▼▼▼

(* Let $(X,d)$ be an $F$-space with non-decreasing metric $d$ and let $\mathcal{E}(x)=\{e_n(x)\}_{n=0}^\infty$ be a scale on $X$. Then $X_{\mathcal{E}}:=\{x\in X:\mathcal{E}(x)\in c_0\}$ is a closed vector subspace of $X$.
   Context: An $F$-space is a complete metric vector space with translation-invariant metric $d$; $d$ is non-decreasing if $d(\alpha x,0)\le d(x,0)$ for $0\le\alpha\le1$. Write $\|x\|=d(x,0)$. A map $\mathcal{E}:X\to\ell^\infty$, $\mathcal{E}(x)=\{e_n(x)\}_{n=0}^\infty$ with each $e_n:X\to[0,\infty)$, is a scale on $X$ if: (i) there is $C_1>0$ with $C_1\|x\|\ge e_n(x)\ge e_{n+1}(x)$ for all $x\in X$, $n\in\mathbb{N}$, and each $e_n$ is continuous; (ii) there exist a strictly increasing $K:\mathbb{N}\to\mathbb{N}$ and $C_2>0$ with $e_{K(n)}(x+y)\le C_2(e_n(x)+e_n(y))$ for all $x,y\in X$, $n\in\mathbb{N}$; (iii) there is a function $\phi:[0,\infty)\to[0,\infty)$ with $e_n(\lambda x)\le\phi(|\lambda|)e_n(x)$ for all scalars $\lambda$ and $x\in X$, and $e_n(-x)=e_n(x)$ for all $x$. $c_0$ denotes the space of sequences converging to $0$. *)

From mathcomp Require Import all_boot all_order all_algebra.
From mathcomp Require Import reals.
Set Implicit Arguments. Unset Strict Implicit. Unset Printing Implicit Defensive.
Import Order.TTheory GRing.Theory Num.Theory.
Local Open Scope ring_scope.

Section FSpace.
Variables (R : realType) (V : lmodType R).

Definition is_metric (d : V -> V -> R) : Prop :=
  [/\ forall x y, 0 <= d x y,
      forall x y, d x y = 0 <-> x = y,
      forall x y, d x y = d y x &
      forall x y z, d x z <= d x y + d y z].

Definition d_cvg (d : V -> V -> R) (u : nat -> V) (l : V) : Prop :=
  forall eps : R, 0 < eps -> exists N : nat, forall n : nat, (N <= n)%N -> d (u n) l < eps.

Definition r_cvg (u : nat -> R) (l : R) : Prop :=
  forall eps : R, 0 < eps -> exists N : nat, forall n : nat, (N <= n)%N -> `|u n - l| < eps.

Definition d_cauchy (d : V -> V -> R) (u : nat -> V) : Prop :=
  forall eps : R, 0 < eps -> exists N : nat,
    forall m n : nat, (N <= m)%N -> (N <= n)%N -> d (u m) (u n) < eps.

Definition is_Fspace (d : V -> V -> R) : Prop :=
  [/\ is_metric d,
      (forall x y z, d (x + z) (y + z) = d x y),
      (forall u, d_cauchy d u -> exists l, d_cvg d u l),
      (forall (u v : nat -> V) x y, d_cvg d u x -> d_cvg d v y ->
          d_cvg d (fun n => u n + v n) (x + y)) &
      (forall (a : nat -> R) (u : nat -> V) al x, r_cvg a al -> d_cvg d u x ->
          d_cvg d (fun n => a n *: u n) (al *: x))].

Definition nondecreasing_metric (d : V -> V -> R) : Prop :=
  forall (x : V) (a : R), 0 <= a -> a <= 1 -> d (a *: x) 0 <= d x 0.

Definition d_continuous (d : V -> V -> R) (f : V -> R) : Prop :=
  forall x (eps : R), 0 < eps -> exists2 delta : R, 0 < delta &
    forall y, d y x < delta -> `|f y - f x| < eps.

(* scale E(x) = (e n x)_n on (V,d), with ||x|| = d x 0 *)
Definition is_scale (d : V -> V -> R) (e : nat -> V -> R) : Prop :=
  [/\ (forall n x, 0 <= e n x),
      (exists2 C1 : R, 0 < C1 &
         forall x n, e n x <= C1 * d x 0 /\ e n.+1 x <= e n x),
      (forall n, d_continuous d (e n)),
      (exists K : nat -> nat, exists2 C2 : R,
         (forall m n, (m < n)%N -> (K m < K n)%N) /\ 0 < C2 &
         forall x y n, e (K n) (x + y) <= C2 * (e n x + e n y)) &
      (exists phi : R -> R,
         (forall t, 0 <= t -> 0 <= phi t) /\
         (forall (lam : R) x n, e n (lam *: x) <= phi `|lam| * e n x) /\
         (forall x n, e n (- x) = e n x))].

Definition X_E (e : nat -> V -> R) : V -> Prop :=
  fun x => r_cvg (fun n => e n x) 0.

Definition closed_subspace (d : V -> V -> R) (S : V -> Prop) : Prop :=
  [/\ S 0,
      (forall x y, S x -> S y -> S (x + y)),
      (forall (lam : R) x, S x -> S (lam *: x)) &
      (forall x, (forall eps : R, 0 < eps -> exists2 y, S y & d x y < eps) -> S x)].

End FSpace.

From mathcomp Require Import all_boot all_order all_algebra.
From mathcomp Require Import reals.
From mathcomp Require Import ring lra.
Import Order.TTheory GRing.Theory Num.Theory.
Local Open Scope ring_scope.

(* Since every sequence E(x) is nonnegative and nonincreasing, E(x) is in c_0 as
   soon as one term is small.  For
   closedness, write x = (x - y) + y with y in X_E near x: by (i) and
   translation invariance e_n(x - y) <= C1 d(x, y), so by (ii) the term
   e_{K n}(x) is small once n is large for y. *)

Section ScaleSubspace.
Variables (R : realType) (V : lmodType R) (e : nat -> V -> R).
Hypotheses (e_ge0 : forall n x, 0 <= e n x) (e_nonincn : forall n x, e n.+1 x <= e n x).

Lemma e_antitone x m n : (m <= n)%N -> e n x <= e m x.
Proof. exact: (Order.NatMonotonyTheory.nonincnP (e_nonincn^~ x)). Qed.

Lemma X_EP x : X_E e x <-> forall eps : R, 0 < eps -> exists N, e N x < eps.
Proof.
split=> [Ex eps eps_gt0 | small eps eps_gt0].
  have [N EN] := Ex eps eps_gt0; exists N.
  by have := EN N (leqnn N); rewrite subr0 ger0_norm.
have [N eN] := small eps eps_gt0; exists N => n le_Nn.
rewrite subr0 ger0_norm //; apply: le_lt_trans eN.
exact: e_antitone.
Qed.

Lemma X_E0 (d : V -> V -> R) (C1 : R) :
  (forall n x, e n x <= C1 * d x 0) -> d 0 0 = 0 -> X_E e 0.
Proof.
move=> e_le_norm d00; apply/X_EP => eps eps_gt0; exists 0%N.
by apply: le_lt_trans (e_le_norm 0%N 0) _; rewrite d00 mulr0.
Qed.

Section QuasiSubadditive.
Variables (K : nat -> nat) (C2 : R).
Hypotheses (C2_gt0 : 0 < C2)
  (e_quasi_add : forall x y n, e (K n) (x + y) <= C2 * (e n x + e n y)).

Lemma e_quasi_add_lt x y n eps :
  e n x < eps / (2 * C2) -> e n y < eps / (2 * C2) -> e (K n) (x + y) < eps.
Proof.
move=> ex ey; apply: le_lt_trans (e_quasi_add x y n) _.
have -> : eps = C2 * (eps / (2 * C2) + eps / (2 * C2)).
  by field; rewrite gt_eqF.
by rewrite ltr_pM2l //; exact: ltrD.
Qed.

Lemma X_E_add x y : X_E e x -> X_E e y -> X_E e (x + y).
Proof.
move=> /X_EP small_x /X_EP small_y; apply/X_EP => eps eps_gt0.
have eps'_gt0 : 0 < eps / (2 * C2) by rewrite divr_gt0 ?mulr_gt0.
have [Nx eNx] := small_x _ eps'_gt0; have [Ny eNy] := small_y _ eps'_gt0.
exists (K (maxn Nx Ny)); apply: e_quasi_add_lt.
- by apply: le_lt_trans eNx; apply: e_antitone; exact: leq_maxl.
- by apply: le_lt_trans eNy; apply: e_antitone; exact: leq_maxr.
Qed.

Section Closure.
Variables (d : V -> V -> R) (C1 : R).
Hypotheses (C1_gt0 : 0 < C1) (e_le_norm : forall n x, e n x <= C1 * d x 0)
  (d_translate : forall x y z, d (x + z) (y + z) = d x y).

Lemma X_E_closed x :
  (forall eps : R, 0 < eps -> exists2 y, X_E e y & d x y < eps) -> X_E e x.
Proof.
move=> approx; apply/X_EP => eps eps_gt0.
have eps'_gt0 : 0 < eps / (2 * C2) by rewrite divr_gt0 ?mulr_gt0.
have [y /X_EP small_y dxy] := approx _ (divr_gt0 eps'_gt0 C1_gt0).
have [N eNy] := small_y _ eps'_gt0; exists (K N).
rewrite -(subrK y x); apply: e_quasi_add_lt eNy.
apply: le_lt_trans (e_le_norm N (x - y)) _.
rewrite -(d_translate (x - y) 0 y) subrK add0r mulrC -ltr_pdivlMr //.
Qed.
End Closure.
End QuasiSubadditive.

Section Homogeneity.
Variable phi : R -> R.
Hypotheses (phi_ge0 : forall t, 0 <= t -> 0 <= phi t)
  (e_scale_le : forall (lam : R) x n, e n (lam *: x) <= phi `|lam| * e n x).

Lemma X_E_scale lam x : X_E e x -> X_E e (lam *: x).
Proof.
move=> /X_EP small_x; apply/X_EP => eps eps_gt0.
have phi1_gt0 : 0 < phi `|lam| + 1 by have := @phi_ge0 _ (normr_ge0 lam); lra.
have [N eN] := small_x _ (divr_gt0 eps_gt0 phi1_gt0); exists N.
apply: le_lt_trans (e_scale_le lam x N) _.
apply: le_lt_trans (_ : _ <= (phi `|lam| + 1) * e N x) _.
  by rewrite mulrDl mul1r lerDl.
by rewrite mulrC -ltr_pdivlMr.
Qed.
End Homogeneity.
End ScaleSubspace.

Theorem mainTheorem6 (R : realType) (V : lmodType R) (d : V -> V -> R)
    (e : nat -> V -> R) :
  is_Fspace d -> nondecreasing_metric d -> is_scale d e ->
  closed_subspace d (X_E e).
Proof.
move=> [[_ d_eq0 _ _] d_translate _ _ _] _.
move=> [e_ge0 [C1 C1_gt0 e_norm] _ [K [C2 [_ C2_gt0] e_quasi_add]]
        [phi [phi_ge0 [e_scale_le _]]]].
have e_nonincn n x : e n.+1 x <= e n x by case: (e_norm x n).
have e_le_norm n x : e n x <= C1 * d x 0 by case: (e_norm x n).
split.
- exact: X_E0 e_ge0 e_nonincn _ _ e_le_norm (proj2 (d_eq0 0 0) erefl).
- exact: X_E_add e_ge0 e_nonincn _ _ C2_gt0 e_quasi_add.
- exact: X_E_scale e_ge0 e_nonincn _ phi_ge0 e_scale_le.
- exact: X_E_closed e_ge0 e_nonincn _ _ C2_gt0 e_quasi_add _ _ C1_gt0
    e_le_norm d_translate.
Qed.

▲▲▲

#### ACTIVITY
Scan the material above for the word "subrK", and copy each line where it appears.

#### WRITTEN ANSWER
rewrite -(subrK y x); apply: e_quasi_add_lt eNy.
rewrite -(d_translate (x - y) 0 y) subrK add0r mulrC -ltr_pdivlMr //.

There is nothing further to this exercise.